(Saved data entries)
____

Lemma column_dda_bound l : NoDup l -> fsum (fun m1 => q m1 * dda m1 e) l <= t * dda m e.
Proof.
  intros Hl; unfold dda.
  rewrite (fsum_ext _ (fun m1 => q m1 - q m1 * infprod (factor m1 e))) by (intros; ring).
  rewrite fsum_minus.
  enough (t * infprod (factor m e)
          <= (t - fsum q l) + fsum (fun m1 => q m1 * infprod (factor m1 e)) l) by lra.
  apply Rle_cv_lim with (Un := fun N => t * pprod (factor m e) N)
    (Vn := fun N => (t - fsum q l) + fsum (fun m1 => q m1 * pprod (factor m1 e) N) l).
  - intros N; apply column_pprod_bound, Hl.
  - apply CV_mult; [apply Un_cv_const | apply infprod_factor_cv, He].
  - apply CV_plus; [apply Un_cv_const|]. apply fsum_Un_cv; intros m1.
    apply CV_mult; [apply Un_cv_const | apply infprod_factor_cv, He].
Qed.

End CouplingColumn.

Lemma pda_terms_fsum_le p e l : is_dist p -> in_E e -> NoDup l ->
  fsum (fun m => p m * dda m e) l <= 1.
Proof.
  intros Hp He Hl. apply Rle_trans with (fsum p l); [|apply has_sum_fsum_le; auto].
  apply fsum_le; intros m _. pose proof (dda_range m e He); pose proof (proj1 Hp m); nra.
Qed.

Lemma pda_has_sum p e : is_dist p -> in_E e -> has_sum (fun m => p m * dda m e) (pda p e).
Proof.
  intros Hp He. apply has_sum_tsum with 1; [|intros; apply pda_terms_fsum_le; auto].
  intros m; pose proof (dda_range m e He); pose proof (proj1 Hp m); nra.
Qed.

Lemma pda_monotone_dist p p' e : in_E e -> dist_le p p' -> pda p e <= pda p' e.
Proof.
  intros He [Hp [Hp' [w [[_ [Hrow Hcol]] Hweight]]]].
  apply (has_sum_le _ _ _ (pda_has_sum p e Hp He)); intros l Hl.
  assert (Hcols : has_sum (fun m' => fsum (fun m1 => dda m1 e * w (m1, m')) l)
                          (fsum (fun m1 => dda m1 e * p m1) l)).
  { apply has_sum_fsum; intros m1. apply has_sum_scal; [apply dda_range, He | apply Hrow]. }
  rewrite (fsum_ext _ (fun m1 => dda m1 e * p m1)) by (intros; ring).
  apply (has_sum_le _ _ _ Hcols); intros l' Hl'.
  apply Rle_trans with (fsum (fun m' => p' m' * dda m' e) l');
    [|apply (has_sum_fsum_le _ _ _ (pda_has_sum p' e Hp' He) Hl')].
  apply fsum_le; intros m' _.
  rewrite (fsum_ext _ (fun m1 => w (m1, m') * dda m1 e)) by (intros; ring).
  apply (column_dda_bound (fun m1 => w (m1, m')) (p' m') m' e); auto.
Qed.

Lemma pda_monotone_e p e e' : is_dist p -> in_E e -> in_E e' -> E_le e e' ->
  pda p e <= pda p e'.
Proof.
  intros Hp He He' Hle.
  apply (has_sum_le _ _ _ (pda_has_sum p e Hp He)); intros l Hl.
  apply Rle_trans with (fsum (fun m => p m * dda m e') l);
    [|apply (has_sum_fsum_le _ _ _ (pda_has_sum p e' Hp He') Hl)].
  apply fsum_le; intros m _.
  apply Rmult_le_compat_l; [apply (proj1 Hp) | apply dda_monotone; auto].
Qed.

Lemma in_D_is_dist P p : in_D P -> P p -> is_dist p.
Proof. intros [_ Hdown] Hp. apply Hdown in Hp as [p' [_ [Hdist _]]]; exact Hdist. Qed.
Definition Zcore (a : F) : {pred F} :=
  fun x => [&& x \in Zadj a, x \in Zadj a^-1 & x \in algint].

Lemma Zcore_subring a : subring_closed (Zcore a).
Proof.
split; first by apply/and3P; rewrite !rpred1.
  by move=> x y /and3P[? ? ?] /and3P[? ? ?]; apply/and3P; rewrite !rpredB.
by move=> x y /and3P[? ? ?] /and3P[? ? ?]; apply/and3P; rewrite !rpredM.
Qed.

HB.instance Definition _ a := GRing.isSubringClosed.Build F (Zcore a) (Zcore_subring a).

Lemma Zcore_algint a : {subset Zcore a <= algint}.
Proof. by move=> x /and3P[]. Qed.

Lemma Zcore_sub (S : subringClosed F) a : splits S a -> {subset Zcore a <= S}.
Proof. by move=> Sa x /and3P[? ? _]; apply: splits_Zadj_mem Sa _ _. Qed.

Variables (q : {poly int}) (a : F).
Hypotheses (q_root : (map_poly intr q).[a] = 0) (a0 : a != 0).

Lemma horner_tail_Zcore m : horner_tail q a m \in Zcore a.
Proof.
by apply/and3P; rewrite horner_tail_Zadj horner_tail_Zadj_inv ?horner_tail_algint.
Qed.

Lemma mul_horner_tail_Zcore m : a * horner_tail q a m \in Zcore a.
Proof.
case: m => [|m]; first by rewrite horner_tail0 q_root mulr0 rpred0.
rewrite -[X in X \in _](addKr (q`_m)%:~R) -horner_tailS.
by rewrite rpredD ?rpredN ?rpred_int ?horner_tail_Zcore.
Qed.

____

BRIEF:
Exactly as they appear above, transcribe the records in full.

RESPONSE AREA:
Lemma column_dda_bound l : NoDup l -> fsum (fun m1 => q m1 * dda m1 e) l <= t * dda m e.
Proof.
  intros Hl; unfold dda.
  rewrite (fsum_ext _ (fun m1 => q m1 - q m1 * infprod (factor m1 e))) by (intros; ring).
  rewrite fsum_minus.
  enough (t * infprod (factor m e)
          <= (t - fsum q l) + fsum (fun m1 => q m1 * infprod (factor m1 e)) l) by lra.
  apply Rle_cv_lim with (Un := fun N => t * pprod (factor m e) N)
    (Vn := fun N => (t - fsum q l) + fsum (fun m1 => q m1 * pprod (factor m1 e) N) l).
  - intros N; apply column_pprod_bound, Hl.
  - apply CV_mult; [apply Un_cv_const | apply infprod_factor_cv, He].
  - apply CV_plus; [apply Un_cv_const|]. apply fsum_Un_cv; intros m1.
    apply CV_mult; [apply Un_cv_const | apply infprod_factor_cv, He].
Qed.

End CouplingColumn.

Lemma pda_terms_fsum_le p e l : is_dist p -> in_E e -> NoDup l ->
  fsum (fun m => p m * dda m e) l <= 1.
Proof.
  intros Hp He Hl. apply Rle_trans with (fsum p l); [|apply has_sum_fsum_le; auto].
  apply fsum_le; intros m _. pose proof (dda_range m e He); pose proof (proj1 Hp m); nra.
Qed.

Lemma pda_has_sum p e : is_dist p -> in_E e -> has_sum (fun m => p m * dda m e) (pda p e).
Proof.
  intros Hp He. apply has_sum_tsum with 1; [|intros; apply pda_terms_fsum_le; auto].
  intros m; pose proof (dda_range m e He); pose proof (proj1 Hp m); nra.
Qed.

Lemma pda_monotone_dist p p' e : in_E e -> dist_le p p' -> pda p e <= pda p' e.
Proof.
  intros He [Hp [Hp' [w [[_ [Hrow Hcol]] Hweight]]]].
  apply (has_sum_le _ _ _ (pda_has_sum p e Hp He)); intros l Hl.
  assert (Hcols : has_sum (fun m' => fsum (fun m1 => dda m1 e * w (m1, m')) l)
                          (fsum (fun m1 => dda m1 e * p m1) l)).
  { apply has_sum_fsum; intros m1. apply has_sum_scal; [apply dda_range, He | apply Hrow]. }
  rewrite (fsum_ext _ (fun m1 => dda m1 e * p m1)) by (intros; ring).
  apply (has_sum_le _ _ _ Hcols); intros l' Hl'.
  apply Rle_trans with (fsum (fun m' => p' m' * dda m' e) l');
    [|apply (has_sum_fsum_le _ _ _ (pda_has_sum p' e Hp' He) Hl')].
  apply fsum_le; intros m' _.
  rewrite (fsum_ext _ (fun m1 => w (m1, m') * dda m1 e)) by (intros; ring).
  apply (column_dda_bound (fun m1 => w (m1, m')) (p' m') m' e); auto.
Qed.

Lemma pda_monotone_e p e e' : is_dist p -> in_E e -> in_E e' -> E_le e e' ->
  pda p e <= pda p e'.
Proof.
  intros Hp He He' Hle.
  apply (has_sum_le _ _ _ (pda_has_sum p e Hp He)); intros l Hl.
  apply Rle_trans with (fsum (fun m => p m * dda m e') l);
    [|apply (has_sum_fsum_le _ _ _ (pda_has_sum p e' Hp He') Hl)].
  apply fsum_le; intros m _.
  apply Rmult_le_compat_l; [apply (proj1 Hp) | apply dda_monotone; auto].
Qed.

Lemma in_D_is_dist P p : in_D P -> P p -> is_dist p.
Proof. intros [_ Hdown] Hp. apply Hdown in Hp as [p' [_ [Hdist _]]]; exact Hdist. Qed.
Definition Zcore (a : F) : {pred F} :=
  fun x => [&& x \in Zadj a, x \in Zadj a^-1 & x \in algint].

Lemma Zcore_subring a : subring_closed (Zcore a).
Proof.
split; first by apply/and3P; rewrite !rpred1.
  by move=> x y /and3P[? ? ?] /and3P[? ? ?]; apply/and3P; rewrite !rpredB.
by move=> x y /and3P[? ? ?] /and3P[? ? ?]; apply/and3P; rewrite !rpredM.
Qed.

HB.instance Definition _ a := GRing.isSubringClosed.Build F (Zcore a) (Zcore_subring a).

Lemma Zcore_algint a : {subset Zcore a <= algint}.
Proof. by move=> x /and3P[]. Qed.

Lemma Zcore_sub (S : subringClosed F) a : splits S a -> {subset Zcore a <= S}.
Proof. by move=> Sa x /and3P[? ? _]; apply: splits_Zadj_mem Sa _ _. Qed.

Variables (q : {poly int}) (a : F).
Hypotheses (q_root : (map_poly intr q).[a] = 0) (a0 : a != 0).

Lemma horner_tail_Zcore m : horner_tail q a m \in Zcore a.
Proof.
by apply/and3P; rewrite horner_tail_Zadj horner_tail_Zadj_inv ?horner_tail_algint.
Qed.

Lemma mul_horner_tail_Zcore m : a * horner_tail q a m \in Zcore a.
Proof.
case: m => [|m]; first by rewrite horner_tail0 q_root mulr0 rpred0.
rewrite -[X in X \in _](addKr (q`_m)%:~R) -horner_tailS.
by rewrite rpredD ?rpredN ?rpred_int ?horner_tail_Zcore.
Qed.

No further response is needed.